= Sudanese Writers Union =

Professional association of Sudanese writers

The Sudanese Writers Union was founded in Khartoum in 1985, the year that democracy was restored in Sudan for a short period. The Union promotes dialogue and seeks solutions for conflicts in Sudan. It emphasizes freedom of expression within a multicultural society and tries to bring together writers of different cultural groups. The first secretary-general until 1986 was Ali El-Maak.
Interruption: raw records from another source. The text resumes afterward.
Lemma lsum_incl_le {T} (f : T -> R) (l1 : list T) : forall l2,
  NoDup l1 -> NoDup l2 -> incl l1 l2 -> (forall x, In x l2 -> 0 <= f x) ->
  lsum f l1 <= lsum f l2.
Proof.
  induction l1 as [|a l1 IH]; intros l2 N1 N2 Hi Hf; simpl.
  - apply lsum_nonneg; auto.
  - assert (Ha : In a l2) by (apply Hi; simpl; auto).
    destruct (in_split _ _ Ha) as [u [v ->]].
    rewrite lsum_app; simpl. inversion N1; subst.
    assert (Huv : lsum f l1 <= lsum f (u ++ v)).
    { apply IH; auto.
      - eapply NoDup_remove_1; eauto.
      - intros x Hx. assert (Hx' : In x (u ++ a :: v)) by (apply Hi; simpl; auto).
        apply in_app_or in Hx'. apply in_or_app. destruct Hx' as [H|[H|H]]; auto.
        subst; contradiction.
      - intros x Hx; apply Hf. apply in_app_or in Hx; apply in_or_app; simpl; tauto. }
    rewrite lsum_app in Huv. lra.
Qed.

Lemma common_superlist {T} (P : T -> Prop) l1 l2 : Forall P l1 -> Forall P l2 ->
  exists l, NoDup l /\ Forall P l /\ incl l1 l /\ incl l2 l.
Proof.
  intros H1 H2.
  pose (dec := fun x y : T => excluded_middle_informative (x = y)).
  exists (nodup dec (l1 ++ l2)). split; [apply NoDup_nodup|split].
  - apply Forall_forall. intros x Hx. apply nodup_In, in_app_or in Hx.
    destruct Hx; [eapply Forall_forall in H1|eapply Forall_forall in H2]; eauto.
  - split; intros x Hx; apply nodup_In; apply in_or_app; auto.
Qed.

Fixpoint sumR (m : nat) (f : nat -> R) : R :=
  match m with O => 0 | S m' => sumR m' f + f m' end.

Fixpoint minR (m : nat) (f : nat -> R) : R :=
  match m with O => 1 | S m' => Rmin (minR m' f) (f m') end.

Lemma sumR_ext m f f' : (forall j, (j < m)%nat -> f j = f' j) -> sumR m f = sumR m f'.
Proof. induction m; simpl; intros H; auto. rewrite IHm, H; auto. Qed.

Lemma sumR_minus m f h : sumR m (fun j => f j - h j) = sumR m f - sumR m h.
Proof. induction m; simpl; [ring|rewrite IHm; ring]. Qed.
== History and political repression ==
In 1989, four years after the Union's founding, a coup d'état took place, resulting in the organization being banned and expelled from the historic building in Khartoum. Members of the Union were arrested and tortured. It took until shortly after the signing of the Comprehensive Peace Agreement of 2005/06 that the union could be revived again. A year later, in 2007, the union again consisted of fifty members; some members were located within Sudan, while others lived in exile. Altogether it lasted twenty years until the organization was able in 2009 to reopen a settlement in the capital of Sudan. The same year, the union claimed back its building in Khartoum.
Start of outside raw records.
Lemma ball_of_drift b m k :
  Rabs (fst (ball_of b (m + k)) - fst (ball_of b m))
    <= snd (ball_of b m) / 3 - snd (ball_of b (m + k)) / 3.
Proof.
  induction k as [|k IH].
  - rewrite Nat.add_0_r. unfold Rminus. rewrite Rplus_opp_r, Rabs_R0. lra.
  - rewrite Nat.add_succ_r.
    destruct (ball_of_step b (m + k)) as [Hc Hr].
    pose proof (Rabs_triang (fst (ball_of b (S (m + k))) - fst (ball_of b (m + k)))
                            (fst (ball_of b (m + k)) - fst (ball_of b m))) as Htri.
    replace (fst (ball_of b (S (m + k))) - fst (ball_of b (m + k))
             + (fst (ball_of b (m + k)) - fst (ball_of b m)))
      with (fst (ball_of b (S (m + k))) - fst (ball_of b m)) in Htri by ring.
    lra.
Qed.

Lemma ball_of_radius b n : snd (ball_of b n) <= (/ 4) ^ n.
Proof.
  induction n as [|n IH]; [simpl; lra|].
  destruct (ball_of_step b n) as [_ Hr]. change ((/ 4) ^ S n) with (/ 4 * (/ 4) ^ n). lra.
Qed.

Lemma ball_of_cauchy b : Cauchy_crit (fun n => fst (ball_of b n)).
Proof.
  intros eps Heps.
  destruct (pow_lt_1_zero (/ 4) ltac:(rewrite Rabs_pos_eq; lra) eps Heps) as [N HN].
  assert (Hfar : forall p q, (N <= p <= q)%nat ->
            Rabs (fst (ball_of b q) - fst (ball_of b p)) < eps).
  { intros p q Hpq. replace q with (p + (q - p))%nat by lia.
    pose proof (ball_of_drift b p (q - p)).
    pose proof (proj2 (ball_of_spec b (p + (q - p)))).
    pose proof (ball_of_radius b p).
    specialize (HN p ltac:(lia)). rewrite Rabs_pos_eq in HN by (apply pow_le; lra).
    lra. }
  exists N. intros n m Hn Hm. unfold R_dist.
  destruct (Nat.le_ge_cases n m).
  - rewrite Rabs_minus_sym. apply Hfar. lia.
  - apply Hfar. lia.
Qed.

Definition cantor_embedding (b : cantor) : R :=
  proj1_sig (R_complete _ (ball_of_cauchy b)).

Lemma cantor_embedding_near b m :
  Rabs (cantor_embedding b - fst (ball_of b m)) <= snd (ball_of b m) / 3.
Proof.
  apply (Un_cv_Rabs_le _ _ _ _ m (proj2_sig (R_complete _ (ball_of_cauchy b)))).
  intros n Hn. replace n with (m + (n - m))%nat by lia.
  pose proof (ball_of_drift b m (n - m)).
  pose proof (proj2 (ball_of_spec b (m + (n - m)))).
  lra.
Qed.

Lemma cantor_embedding_in b : Q (cantor_embedding b).
Proof.
  apply Q_closed. intros eps Heps.
  destruct (pow_lt_1_zero (/ 4) ltac:(rewrite Rabs_pos_eq; lra) eps Heps) as [N HN].
  exists (fst (ball_of b N)). split; [apply ball_of_spec|].
  pose proof (cantor_embedding_near b N).
  pose proof (ball_of_radius b N).
  specialize (HN N (le_n N)). rewrite Rabs_pos_eq in HN by (apply pow_le; lra).
  pose proof (proj2 (ball_of_spec b N)).
  lra.
Qed.

(* Both limits lie within a third of the radius of the child balls, which is at
   most a ninth of the distance between their centres. *)
Lemma cantor_embedding_bit b b' k :
  ball_of b k = ball_of b' k -> cantor_embedding b = cantor_embedding b' -> b k = b' k.
Proof.
  intros Eball Elim.
  pose proof (cantor_embedding_near b (S k)) as Nb.
  pose proof (cantor_embedding_near b' (S k)) as Nb'.
  destruct (ball_of_spec b k) as [Qx Hr].
  simpl in Nb, Nb'. rewrite <- Eball in Nb'. rewrite <- Elim in Nb'.
  destruct (ball_of b k) as [x r]; simpl in Nb, Nb', Qx, Hr.
  destruct (neighbour_spec x r Qx Hr) as [_ [Hzx _]].
  set (z := neighbour x r) in *.
  assert (Hd : 0 < Rabs (x - z)) by (apply Rabs_pos_lt; intro; apply Hzx; lra).
  pose proof (Rmin_l (Rabs (x - z) / 3) (r / 4)).
  destruct (b k), (b' k); simpl in Nb, Nb'; try reflexivity; exfalso.
  - pose proof (Rabs_triang (x - cantor_embedding b) (cantor_embedding b - z)).
    rewrite Rabs_minus_sym in Nb'.
    replace (x - cantor_embedding b + (cantor_embedding b - z)) with (x - z) in * by ring.
    lra.
  - pose proof (Rabs_triang (x - cantor_embedding b) (cantor_embedding b - z)).
    rewrite Rabs_minus_sym in Nb.
    replace (x - cantor_embedding b + (cantor_embedding b - z)) with (x - z) in * by ring.
    lra.
Qed.

Lemma cantor_embedding_inj b b' : cantor_embedding b = cantor_embedding b' -> b = b'.
Proof.
  intros Elim.
  assert (H : forall k, ball_of b k = ball_of b' k /\ b k = b' k).
  { induction k as [|k [Eball Ebit]].
    - split; [reflexivity|]. apply cantor_embedding_bit; [reflexivity | exact Elim].
    - assert (Eball' : ball_of b (S k) = ball_of b' (S k))
        by (simpl; rewrite Eball, Ebit; reflexivity).
      split; [exact Eball'|]. apply cantor_embedding_bit; assumption. }
  apply functional_extensionality. intro k. apply H.
Qed.

End CantorScheme.

Lemma perfect_embeds_cantor Q : closedR Q -> no_isolated_pointR Q -> (exists s, Q s) ->
  exists f : cantor -> R, (forall b, Q (f b)) /\ forall b b', f b = f b' -> b = b'.
Proof.
  intros Hcl Hiso Hne. exists (cantor_embedding Q Hiso Hne). split.
  - intro b. apply cantor_embedding_in, Hcl.
  - apply cantor_embedding_inj.
Qed.

(** * Coding closed sets by points of Cantor space *)

(* The open interval of radius [2/m] around [(k1 - k2)/m], where [n] codes the
   triple [((k1, k2), m)]; it is empty for [m = 0], since [2 / 0 = 0]. *)
Definition basic_interval (n : nat) (y : R) : Prop :=
  let (a, m) := Cantor.of_nat n in
  let (k1, k2) := Cantor.of_nat a in
  Rabs (y - (INR k1 - INR k2) / INR m) < 2 / INR m.

Lemma IZR_INR_diff (z : Z) : IZR z = INR (Z.to_nat z) - INR (Z.to_nat (- z)).
Proof.
  rewrite !INR_IZR_INZ, <- minus_IZR. f_equal. lia.
Qed.

Lemma basic_interval_base x eps : 0 < eps ->
  exists n, basic_interval n x /\ forall y, basic_interval n y -> Rabs (y - x) < eps.
Proof.
  intros Heps.
  destruct (archimed_cor1 (eps / 3)) as [m [Hm Hm0]]; [lra|].
  assert (Hpos : 0 < INR m) by (apply lt_0_INR; lia).
  assert (H3 : 3 / INR m < eps).
  { apply (Rmult_lt_reg_r (/ 3)); [lra|].
    replace (3 / INR m * / 3) with (/ INR m) by (field; lra). lra. }
  set (z := up (x * INR m)).
  destruct (archimed (x * INR m)) as [Hz1 Hz2]. fold z in Hz1, Hz2.
  assert (Hc : Rabs (x - IZR z / INR m) <= 1 / INR m).
  { replace (x - IZR z / INR m) with ((x * INR m - IZR z) / INR m) by (field; lra).
    unfold Rdiv. rewrite Rabs_mult, (Rabs_pos_eq (/ INR m)) by (left; apply Rinv_0_lt_compat, Hpos).
    apply Rmult_le_compat_r; [left; apply Rinv_0_lt_compat, Hpos|].
    apply Rabs_le. lra. }
  assert (H12 : 1 / INR m < 2 / INR m)
    by (unfold Rdiv; apply Rmult_lt_compat_r; [apply Rinv_0_lt_compat|]; lra).
  exists (Cantor.to_nat (Cantor.to_nat (Z.to_nat z, Z.to_nat (- z)), m)).
  unfold basic_interval. rewrite !Cantor.cancel_of_to, <- IZR_INR_diff.
  split; [lra|].
  intros y Hy.
  pose proof (Rabs_triang (y - IZR z / INR m) (IZR z / INR m - x)) as Htri.
  rewrite (Rabs_minus_sym (IZR z / INR m)) in Htri.
  replace (y - IZR z / INR m + (IZR z / INR m - x)) with (y - x) in Htri by ring.
  replace (3 / INR m) with (2 / INR m + 1 / INR m) in H3 by (field; lra).
  lra.
Qed.

Definition closed_of_code (c : cantor) (x : R) : Prop :=
  forall n, c n = true -> ~ basic_interval n x.

Lemma closed_of_code_surj K : closedR K -> exists c, closed_of_code c = K.
Proof.
  intros HK.
  exists (fun n => if excluded_middle_informative (exists y, basic_interval n y /\ K y)
                   then false else true).
  apply functional_extensionality. intro x. apply propositional_extensionality. split.
  - intros Hx. apply HK. intros eps Heps. apply NNPP. intros Hfar.
    destruct (basic_interval_base x eps Heps) as [n [Hxn Hn]].
    apply (Hx n); [|exact Hxn].
    destruct (excluded_middle_informative _) as [[y [Hyn Ky]]|]; [|reflexivity].
    exfalso. apply Hfar. exists y. split; [exact Ky|]. rewrite Rabs_minus_sym. apply Hn, Hyn.
  - intros Kx n. destruct (excluded_middle_informative _) as [_|Hn]; [discriminate|].
    intros _ Hxn. apply Hn. exists x. split; assumption.
Qed.

Lemma closedR_singleton x : closedR (fun y => y = x).
Proof.
  intros y Hy. apply NNPP. intros Hne.
  destruct (Hy (Rabs (y - x))) as [z [-> Hz]]; [apply Rabs_pos_lt; lra | lra].
Qed.

Definition real_of_code (c : cantor) : R := epsilon (inhabits 0) (closed_of_code c).

Lemma real_of_code_surj x : exists c, real_of_code c = x.
Proof.
  destruct (closed_of_code_surj _ (closedR_singleton x)) as [c Hc].
  exists c. unfold real_of_code. rewrite Hc. apply epsilon_spec. exists x. reflexivity.
Qed.

Definition interleave {A : Type} (f g : nat -> A) (n : nat) : A :=
  if Nat.even n then f (Nat.div2 n) else g (Nat.div2 n).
In 2007, the Sudanese Writers Union was honored with a Prince Claus Award from the Netherlands. The jury presented the award under the theme Culture and Conflict and praised the work of the union, stating that its members "are working against huge odds to provide a Space of Freedom for debate."
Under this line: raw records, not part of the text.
(* Let $d\ge 3$, let $\mathcal M$ be a model of $\mathrm{PQM}_d$ with domain $\mathbb M$, and let $m\in\mathbb M$. If $p,q\in F^{\mathcal M}(m)$ are incompatible, then neither $p$ nor $q$ is a minimal element of $F^{\mathcal M}(m)$ with respect to inclusion.
   Context: Notation. For $d\ge 1$, $\mathbb H_d$ is the set of complex linear subspaces of $\mathbb C^d$, ordered by inclusion $\le$, with $\top=\mathbb C^d$, $\bot=\{0\}$, $p^\bot$ the orthogonal complement, $p\wedge q=p\cap q$ and $p\vee q=p+q$. $\mathbb U_d$ is the set of unitary operators on $\mathbb C^d$, and for $U\in\mathbb U_d$, $p\in\mathbb H_d$, $U(p)=\{Uv: v\in p\}$. The Sasaki projection is $p\,\&\,q := q\cap(q^\bot+p)$. Subspaces $p,q$ are compatible iff $p=(p\wedge q)\vee(p\wedge q^\bot)$ (equivalently, the orthogonal projectors onto $p$ and $q$ commute); otherwise they are incompatible. Language $\mathcal L_d$: a first-order language without equality and without constants, having a unary function symbol $u_U$ for each $U\in\mathbb U_d$, a unary function symbol $\pi_q$ for each $q\in\mathbb H_d$, and a unary relation symbol $[\,\cdot:p]$ for each $p\in\mathbb H_d$. Theory $\mathrm{PQM}_d$ (over $\mathcal L_d$) has the following axioms, for all $p,q\in\mathbb H_d$ and $U\in\mathbb U_d$: ($\neg\bot$) $\exists x\,\neg[x:\bot]$; ($\top$) $\forall x\,[x:\top]$; ($\le$) if $p\le q$: $\forall x\,([x:p]\to[x:q])$; ($\wedge$) if $p,q$ are compatible: $\forall x\,([x:p]\wedge[x:q]\to[x:p\wedge q])$; ($\pi_i$) $\forall x\,([x:p]\to[\pi_q(x):p\,\&\,q])$; ($\pi_c$) if $p\le q$: $\forall x\,([\pi_p(\pi_q(x)):\bot]\to[\pi_p(x):\bot])$; ($\pi_\bot$) $\forall x\,([\pi_q(x):\bot]\to[x:q^\bot])$; ($u_i$) $\forall x\,([x:p]\to[u_U(x):U(p)])$; ($u_e$) $\forall x\,([u_U(x):p]\to[x:U^{-1}(p)])$. Filter: for an $\mathcal L_d$-structure $\mathcal M$ with domain $\mathbb M$ and $m\in\mathbb M$, $F^{\mathcal M}(m)=\{p\in\mathbb H_d : [m:p]^{\mathcal M}\}$, where $[\,\cdot:p]^{\mathcal M}$ is the interpretation of the relation symbol $[\,\cdot:p]$ in $\mathcal M$. *)

From mathcomp Require Import all_boot all_algebra.
From mathcomp Require Import complex.
From mathcomp Require Import reals Rstruct.
Set Implicit Arguments.
Unset Strict Implicit.
Unset Printing Implicit Defensive.
Import GRing.Theory Num.Theory.
Local Open Scope ring_scope.

Definition C : numClosedFieldType := complex Rdefinitions.R.

(* Vectors of C^d are row vectors 'rV[C]_d.  A complex linear subspace of C^d
   is represented canonically by the matrix <<A>>%MS whose row space is it:
   two matrices with the same row space have the same <<_>>, so this gives a
   faithful (Leibniz) encoding of the set H_d of subspaces. *)
Definition Hd (d : nat) := {A : 'M[C]_d | (<<A>>%MS == A)}.

Definition mkH (d : nat) (A : 'M[C]_d) : Hd d :=
  exist _ <<A>>%MS (introT eqP (genmx_id A)).

Definition Hmx (d : nat) (p : Hd d) : 'M[C]_d := sval p.

Definition inH (d : nat) (v : 'rV[C]_d) (p : Hd d) : bool := (v <= Hmx p)%MS.

Definition leH (d : nat) (p q : Hd d) : bool := (Hmx p <= Hmx q)%MS.
Definition topH (d : nat) : Hd d := mkH 1%:M.
Definition botH (d : nat) : Hd d := mkH 0.
Definition meetH (d : nat) (p q : Hd d) : Hd d := mkH (Hmx p :&: Hmx q)%MS.
Definition joinH (d : nat) (p q : Hd d) : Hd d := mkH (Hmx p + Hmx q)%MS.

Definition adjmx (m n : nat) (A : 'M[C]_(m, n)) : 'M[C]_(n, m) :=
  (map_mx Num.conj A)^T.

(* orthogonal complement w.r.t. <u,w> = sum_j u_j conj(w_j):
   the rows u with u *m adjmx A = 0, i.e. u orthogonal to every row of A *)
Definition orthH (d : nat) (p : Hd d) : Hd d := mkH (kermx (adjmx (Hmx p))).

Definition sasaki (d : nat) (p q : Hd d) : Hd d := meetH q (joinH (orthH q) p).

Definition compatible (d : nat) (p q : Hd d) : Prop :=
  p = joinH (meetH p q) (meetH p (orthH q)).

(* Unitary operators on C^d (as matrices acting on column vectors). *)
Definition is_unitary (d : nat) (U : 'M[C]_d) : bool := U *m adjmx U == 1%:M.
Definition Ud (d : nat) := {U : 'M[C]_d | is_unitary U}.
Definition Umx (d : nat) (U : Ud d) : 'M[C]_d := sval U.

(* image of a subspace under a matrix M acting on column vectors:
   U(p) = {U v | v in p}; for row vectors r = v^T this is r *m M^T. *)
Definition imH (d : nat) (M : 'M[C]_d) (p : Hd d) : Hd d := mkH (Hmx p *m M^T).
Definition UimH (d : nat) (U : Ud d) (p : Hd d) : Hd d := imH (Umx U) p.
Definition UinvimH (d : nat) (U : Ud d) (p : Hd d) : Hd d := imH (invmx (Umx U)) p.

(* An L_d-structure: a domain together with interpretations of the unary
   function symbols u_U (U in U_d), pi_q (q in H_d), and of the unary
   relation symbols [. : p] (p in H_d).  No constants, no equality. *)
Record LStructure (d : nat) := {
  dom :> Type;
  u_ : Ud d -> dom -> dom;
  pi_ : Hd d -> dom -> dom;
  rel : Hd d -> dom -> Prop
}.
Arguments dom {d} M : rename.
Arguments u_ {d} M U x : rename.
Arguments pi_ {d} M q x : rename.
Arguments rel {d} M p x : rename.

Definition PQM_model (d : nat) (M : LStructure d) : Prop :=
  (exists x : M, ~ rel M (botH d) x) /\
  (forall x : M, rel M (topH d) x) /\
  (forall p q : Hd d, leH p q -> forall x : M, rel M p x -> rel M q x) /\
  (forall p q : Hd d, compatible p q ->
               forall x : M, rel M p x -> rel M q x -> rel M (meetH p q) x) /\
  (forall p q : Hd d, forall x : M,
               rel M p x -> rel M (sasaki p q) (pi_ M q x)) /\
  (forall p q : Hd d, leH p q -> forall x : M,
               rel M (botH d) (pi_ M p (pi_ M q x)) -> rel M (botH d) (pi_ M p x)) /\
  (forall q : Hd d, forall x : M,
               rel M (botH d) (pi_ M q x) -> rel M (orthH q) x) /\
  (forall (p : Hd d) (U : Ud d) (x : M),
               rel M p x -> rel M (UimH U p) (u_ M U x)) /\
  (forall (p : Hd d) (U : Ud d) (x : M),
               rel M p (u_ M U x) -> rel M (UinvimH U p) x).

Definition filt (d : nat) (M : LStructure d) (m : M) : Hd d -> Prop :=
  fun p => rel M p m.

Definition minimal_in (d : nat) (S : Hd d -> Prop) (p : Hd d) : Prop :=
  S p /\ forall r : Hd d, S r -> leH r p -> r = p.
Arguments PQM_model {d} M : rename.
Arguments filt {d} M m p : rename.
Arguments minimal_in {d} S p : rename.

(* Let u be a vector of p orthogonal to p /\ q but not to q (it exists because
   p and q are incompatible), and p' := p /\ u^perp, a proper subspace of p.
   We show [m : p'].  Put y := pi_{p'^perp}(m).  By (pi_i) applied to p and to
   q, y lies in the line of u and in s := p'^perp /\ (p' \/ q).  The
   orthogonal projection v of u on s is neither 0 nor parallel to u, and u is
   orthogonal to s /\ v^perp, so y also lies in the line of v.  In dimension
   at least 3, two distinct non-orthogonal lines in the filter of y force
   [y : bot]: in a real three-dimensional frame containing them, intersecting
   compatible planes and hyperplanes produces two new lines of the filter that
   make a strictly larger angle, and iterating reaches two orthogonal lines,
   which contradict (/\).  Finally (pi_bot) turns [y : bot] into [m : p'].
   The argument is symmetric in p and q. *)

From Pilot Require Import Defs.
From mathcomp Require Import all_boot all_order all_algebra complex reals Rstruct.
From mathcomp Require Import lra ring.
Import Order.TTheory GRing.Theory Num.Theory.
Local Open Scope ring_scope.
Set Implicit Arguments.
Unset Strict Implicit.
Unset Printing Implicit Defensive.

Local Notation R := Rdefinitions.R.
Local Notation "x %:C" := (real_complex R x).

Lemma adjmxK m n (A : 'M[C]_(m, n)) : adjmx (adjmx A) = A.
Proof. by apply/matrixP=> i j; rewrite !mxE conjCK. Qed.

Lemma adjmxM m n p (A : 'M[C]_(m, n)) (B : 'M[C]_(n, p)) :
  adjmx (A *m B) = adjmx B *m adjmx A.
Proof. by rewrite /adjmx map_mxM trmx_mul. Qed.

Lemma conjC_real_complex (x : R) : (x%:C)^* = x%:C :> C.
Proof. exact: conjc_real. Qed.

Section HermitianGeometry.
Variable d : nat.
Local Notation V := 'rV[C]_d.

Definition orthmx m (A : 'M[C]_(m, d)) : 'M[C]_d := kermx (adjmx A).

Definition hdot (u v : V) : C := (u *m adjmx v) 0 0.

Lemma sub_orthmx m k (A : 'M[C]_(m, d)) (B : 'M[C]_(k, d)) :
  (B <= orthmx A)%MS = (B *m adjmx A == 0).
Proof. by apply/sub_kermxP/eqP. Qed.

Lemma sub_orthmxC m k (A : 'M[C]_(m, d)) (B : 'M[C]_(k, d)) :
  (B <= orthmx A)%MS = (A <= orthmx B)%MS.
Proof.
rewrite !sub_orthmx; apply/eqP/eqP=> BA0.
  by rewrite -[A]adjmxK -adjmxM BA0 /adjmx map_mx0 trmx0.
by rewrite -[B]adjmxK -adjmxM BA0 /adjmx map_mx0 trmx0.
Qed.

Lemma orthmxS m k (A : 'M[C]_(m, d)) (B : 'M[C]_(k, d)) :
  (A <= B)%MS -> (orthmx B <= orthmx A)%MS.
Proof. by move=> AB; rewrite sub_orthmxC (submx_trans AB) // -sub_orthmxC. Qed.

Lemma eqmx_orthmx m k (A : 'M[C]_(m, d)) (B : 'M[C]_(k, d)) :
  (A :=: B)%MS -> (orthmx A :=: orthmx B)%MS.
Proof.
by move=> /eqmxP/andP[AB BA]; apply/eqmxP; rewrite (orthmxS AB) (orthmxS BA).
Qed.

Lemma mxrank_orthmx m (A : 'M[C]_(m, d)) : \rank (orthmx A) = (d - \rank A)%N.
Proof.
by rewrite /orthmx mxrank_ker /adjmx mxrank_tr (mxrank_map (Num.conj : {rmorphism C -> C})).
Qed.

Lemma hdotE (u v : V) : hdot u v = \sum_j u 0 j * (v 0 j)^*.
Proof. by rewrite /hdot !mxE; apply: eq_bigr => j _; rewrite !mxE. Qed.

Lemma hdotvv_ge0 (u : V) : 0 <= hdot u u.
Proof. by rewrite hdotE; apply: sumr_ge0 => j _; apply: mul_conjC_ge0. Qed.

Lemma hdotvv_eq0 (u : V) : hdot u u = 0 -> u = 0.
Proof.
rewrite hdotE => /psumr_eq0P uu0; apply/rowP => j; rewrite mxE.
have /eqP := uu0 (fun k _ => mul_conjC_ge0 (u 0 k)) j isT.
by rewrite -normCK expf_eq0 /= normr_eq0 => /eqP.
Qed.

Lemma hdotC (u v : V) : hdot v u = (hdot u v)^*.
Proof.
rewrite !hdotE rmorph_sum; apply: eq_bigr => j _.
by rewrite rmorphM /= conjCK mulrC.
Qed.

Lemma hdotDl (u v w : V) : hdot (u + v) w = hdot u w + hdot v w.
Proof. by rewrite /hdot mulmxDl mxE. Qed.

Lemma hdotBl (u v w : V) : hdot (u - v) w = hdot u w - hdot v w.
Proof. by rewrite /hdot mulmxBl !mxE. Qed.

Lemma hdotZl a (u w : V) : hdot (a *: u) w = a * hdot u w.
Proof. by rewrite /hdot -scalemxAl mxE. Qed.

Lemma hdotDr (u v w : V) : hdot w (u + v) = hdot w u + hdot w v.
Proof. by rewrite hdotC hdotDl rmorphD /= -!hdotC. Qed.

Lemma hdotZr a (u w : V) : hdot w (a *: u) = a^* * hdot w u.
Proof. by rewrite hdotC hdotZl rmorphM /= -hdotC. Qed.

Lemma sub_orthmx_hdot (u v : V) : (u <= orthmx v)%MS = (hdot u v == 0).
Proof.
rewrite sub_orthmx /hdot; apply/eqP/eqP => [-> | uv0]; first by rewrite mxE.
by apply/rowP => j; rewrite ord1 uv0 mxE.
Qed.

Lemma hdot_orthmx m (A : 'M[C]_(m, d)) (u w : V) :
  (u <= orthmx A)%MS -> (w <= A)%MS -> hdot u w = 0.
Proof. by move=> uA wA; apply/eqP; rewrite -sub_orthmx_hdot (submx_trans uA) ?orthmxS. Qed.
On 29 January 2015, the Sudanese Writers Union was dissolved again and its cultural activities banned by the Ministry of Culture of the government of Omar al-Bashir. At the end of 2016, an administrative court of appeal in Khartoum annulled the Ministry’s decision and ordered the security apparatus to return the Union’s property, as well as to allow them to resume their activities.

== Key figures ==
Sudanese writer, translator, and scholar Ali El-Maak led the Union from its founding in 1985 through 1986. Renowned Sudanese novelist Ibrahim Ishag served as chairperson of the Union starting in 2009, and Ahmed El Safi, a Sudanese anesthesiologist, researcher and writer, was president of the Union in 2017.

Another founding member is Buthaina Khidir Mekki, who was dubbed an "icon of the Sudanese feminist novel" for her narratives about negative social stereotypes towards the education of young girls and the consequences of conflict and war for women.